Moraes declara falência do modelo eleitoral e critica prioridade de políticos por lives

O ministro Alexandre de Moraes, do Supremo Tribunal Federal (STF), declarou que o modelo eleitoral brasileiro “faliu” e criticou políticos que, segundo ele, se preocupam prioritariamente em “fazer live” em vez de fortalecer as instituições. A declaração foi feita durante um evento em São Paulo, onde defendeu mudanças nas regras eleitorais como caminho para dar mais robustez aos partidos e ao sistema político como um todo.

Na ocasião, Moraes argumentou que o atual formato das campanhas e da representação política não atende mais às demandas da sociedade e que a ênfase em plataformas digitais, como lives, tem desvirtuado o debate público. Para o ministro, a prioridade deveria ser a construção de um ambiente institucional mais sólido, com partidos fortes e capazes de mediar interesses de forma eficaz, em vez de uma relação direta e superficial com o eleitorado.

Defesa de reforma e fortalecimento partidário

A fala de Moraes reforça um diagnóstico já presente em setores do judiciário e da ciência política: o sistema eleitoral vigente, centrado na figura do candidato e no uso intensivo de redes sociais, teria esgotado sua capacidade de gerar governabilidade e representatividade. O ministro defendeu que a reforma política deve mirar o fortalecimento das legendas, que hoje atuam mais como legendas de aluguel do que como agremiações programáticas.

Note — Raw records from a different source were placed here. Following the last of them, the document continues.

(* The matrix [[n-1+k, 1-k], [(1-n)(k-1), 1+(n-1)k]] has determinant k n^2 > 0 and
   a nonnegative inverse, and it maps (1, 1) to (n, n). *)
Lemma le_of_coupled_le n k a s t : 2 <= n -> 1 < k ->
  (n - 1 + k) * s <= n * a + (k - 1) * t ->
  (1 + (n - 1) * k) * t <= n * a + (n - 1) * (k - 1) * s ->
  s <= a /\ t <= a.
Proof.
move=> n_ge2 k_gt1 hs ht.
have c1 : 0 <= 1 + (n - 1) * k by nra.
have c2 : 0 <= (n - 1) * (k - 1) by nra.
have c3 : 0 <= k - 1 by lra.
have c4 : 0 <= n - 1 + k by lra.
have hs1 := ler_wpM2l c1 hs; have ht1 := ler_wpM2l c3 ht.
have hs2 := ler_wpM2l c2 hs; have ht2 := ler_wpM2l c4 ht.
have det_gt0 : 0 < k * n ^+ 2 by nra.
by split; rewrite -(ler_pM2l det_gt0); nra.
Qed.

Lemma coupled_roots_le n k A I1 I2 J1 J2 E X Y :
  2 <= n -> 1 < k -> 0 <= A -> 0 < J1 -> 0 < J2 -> 0 <= E -> 0 <= X -> 0 <= Y ->
  I1 <= Num.sqrt A * Num.sqrt J1 -> I2 <= Num.sqrt A * Num.sqrt J2 ->
  E <= Num.sqrt J1 * Num.sqrt J2 ->
  (n - 1 + k) * J1 * X <= n * I1 + (k - 1) * Y * E ->
  ((n - 1)^-1 + k) * J2 * Y <= n / (n - 1) * I2 + (k - 1) * X * E ->
  Num.sqrt J1 * X <= Num.sqrt A /\ Num.sqrt J2 * Y <= Num.sqrt A.
Proof.
move=> n_ge2 k_gt1 A_ge0 J1_gt0 J2_gt0 E_ge0 X_ge0 Y_ge0 hI1 hI2 hE h1 h2.
have n1_gt0 : 0 < n - 1 by lra.
have {}h2 : (1 + (n - 1) * k) * J2 * Y <= n * I2 + (n - 1) * (k - 1) * X * E.
  have := ler_wpM2l (ltW n1_gt0) h2.
  congr (_ <= _); field; exact: lt0r_neq0.
have j1_gt0 : 0 < Num.sqrt J1 by rewrite sqrtr_gt0.
have j2_gt0 : 0 < Num.sqrt J2 by rewrite sqrtr_gt0.
have a_ge0 := sqrtr_ge0 A.
rewrite -(sqr_sqrtr (ltW J1_gt0)) in h1; rewrite -(sqr_sqrtr (ltW J2_gt0)) in h2.
have kY_ge0 : 0 <= (k - 1) * Y by apply: mulr_ge0; lra.
have nkX_ge0 : 0 <= (n - 1) * (k - 1) * X by apply: mulr_ge0 => //; apply: mulr_ge0; lra.
have n_ge0 : 0 <= n by lra.
have hE1 := ler_wpM2l kY_ge0 hE; have hE2 := ler_wpM2l nkX_ge0 hE.
have nI1 := ler_wpM2l n_ge0 hI1; have nI2 := ler_wpM2l n_ge0 hI2.
apply: (@le_of_coupled_le n k (Num.sqrt A) (Num.sqrt J1 * X) (Num.sqrt J2 * Y) n_ge2 k_gt1).
- by rewrite -(ler_pM2l j1_gt0); nra.
- by rewrite -(ler_pM2l j2_gt0); nra.
Qed.

Lemma mul_le_and_le1_of_sqrt_le A I J X : 0 <= A -> 0 < J -> 0 < X ->
  I <= Num.sqrt A * Num.sqrt J -> Num.sqrt J * X <= Num.sqrt A -> A <= I ->
  X * I <= A /\ X <= 1.
Proof.
move=> A_ge0 J_gt0 X_gt0 hI hX hA.
have j_gt0 : 0 < Num.sqrt J by rewrite sqrtr_gt0.
have a_gt0 : 0 < Num.sqrt A by apply: lt_le_trans hX; rewrite mulr_gt0.
have XI_le : X * I <= A.
  rewrite -(sqr_sqrtr A_ge0); apply: (le_trans (ler_wpM2l (ltW X_gt0) hI)).
  by rewrite expr2 mulrCA ler_wpM2l ?(ltW a_gt0) // mulrC.
split => //.
have A_gt0 : 0 < A by rewrite -(sqr_sqrtr A_ge0) exprn_gt0.
rewrite -(ler_pM2r A_gt0) mul1r; apply: le_trans XI_le.
by rewrite ler_wpM2l // ltW.
Qed.

End RealAlgebra.

Section Integrals.
Context d (T : measurableType d) (R : realType).
Variables (mu : {measure set T -> \bar R}) (D : set T).
Hypothesis mD : measurable D.
Implicit Types f g : T -> R.

(* A non-integrable function has Rintegral [fine (+oo)] = 0. *)
Lemma integrable_of_Rintegral_neq0 f : measurable_fun D f ->
  (forall x, D x -> 0 <= f x) -> \int[mu]_(x in D) f x != 0 ->
  mu.-integrable D (EFin \o f).
Proof.
move=> mf f_ge0; rewrite /Rintegral => nz; apply/integrableP; split.
  exact/measurable_EFinP.
rewrite (eq_integral (fun x => (f x)%:E)); last first.
  by move=> x; rewrite inE => Dx /=; rewrite ger0_norm // f_ge0.
move: nz; have : (0 <= \int[mu]_(x in D) (f x)%:E)%E.
  by apply: integral_ge0 => x Dx; rewrite lee_fin f_ge0.
by case: (\int[mu]_(x in D) (f x)%:E)%E => [r _ _| |] //=; rewrite ?ltry ?eqxx.
Qed.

O evento em São Paulo, que reuniu juristas e especialistas, serviu de palco para o ministro detalhar sua visão sobre os riscos da personalização da política. Ele citou que a lógica das lives, embora legítima como ferramenta de comunicação, não substitui o debate estruturado de propostas e a negociação institucional. A crítica, no entanto, não se limitou a um espectro político específico, mas sim a um comportamento generalizado que prioriza a exposição midiática em detrimento da construção de consensos.

Panorama e repercussão

A declaração de Moraes ocorre em um momento de intenso debate sobre os rumos da democracia brasileira e a eficácia das instituições. A discussão sobre reforma política, que inclui temas como distritão, federações partidárias e cláusula de barreira, ganha novos contornos com a manifestação de um dos principais nomes do STF. A fala do ministro também ecoa preocupações de analistas sobre o impacto das redes sociais na qualidade da representação, especialmente em ano eleitoral.

Embora o ministro não tenha apresentado propostas concretas de alteração legislativa, sua manifestação pública sinaliza que o tema deve permanecer na agenda do Supremo e dos poderes constituídos. A crítica à priorização de lives por políticos, em um contexto de crise de confiança nas instituições, aponta para a necessidade de um redesenho do sistema que equilibre a comunicação digital com a solidez partidária.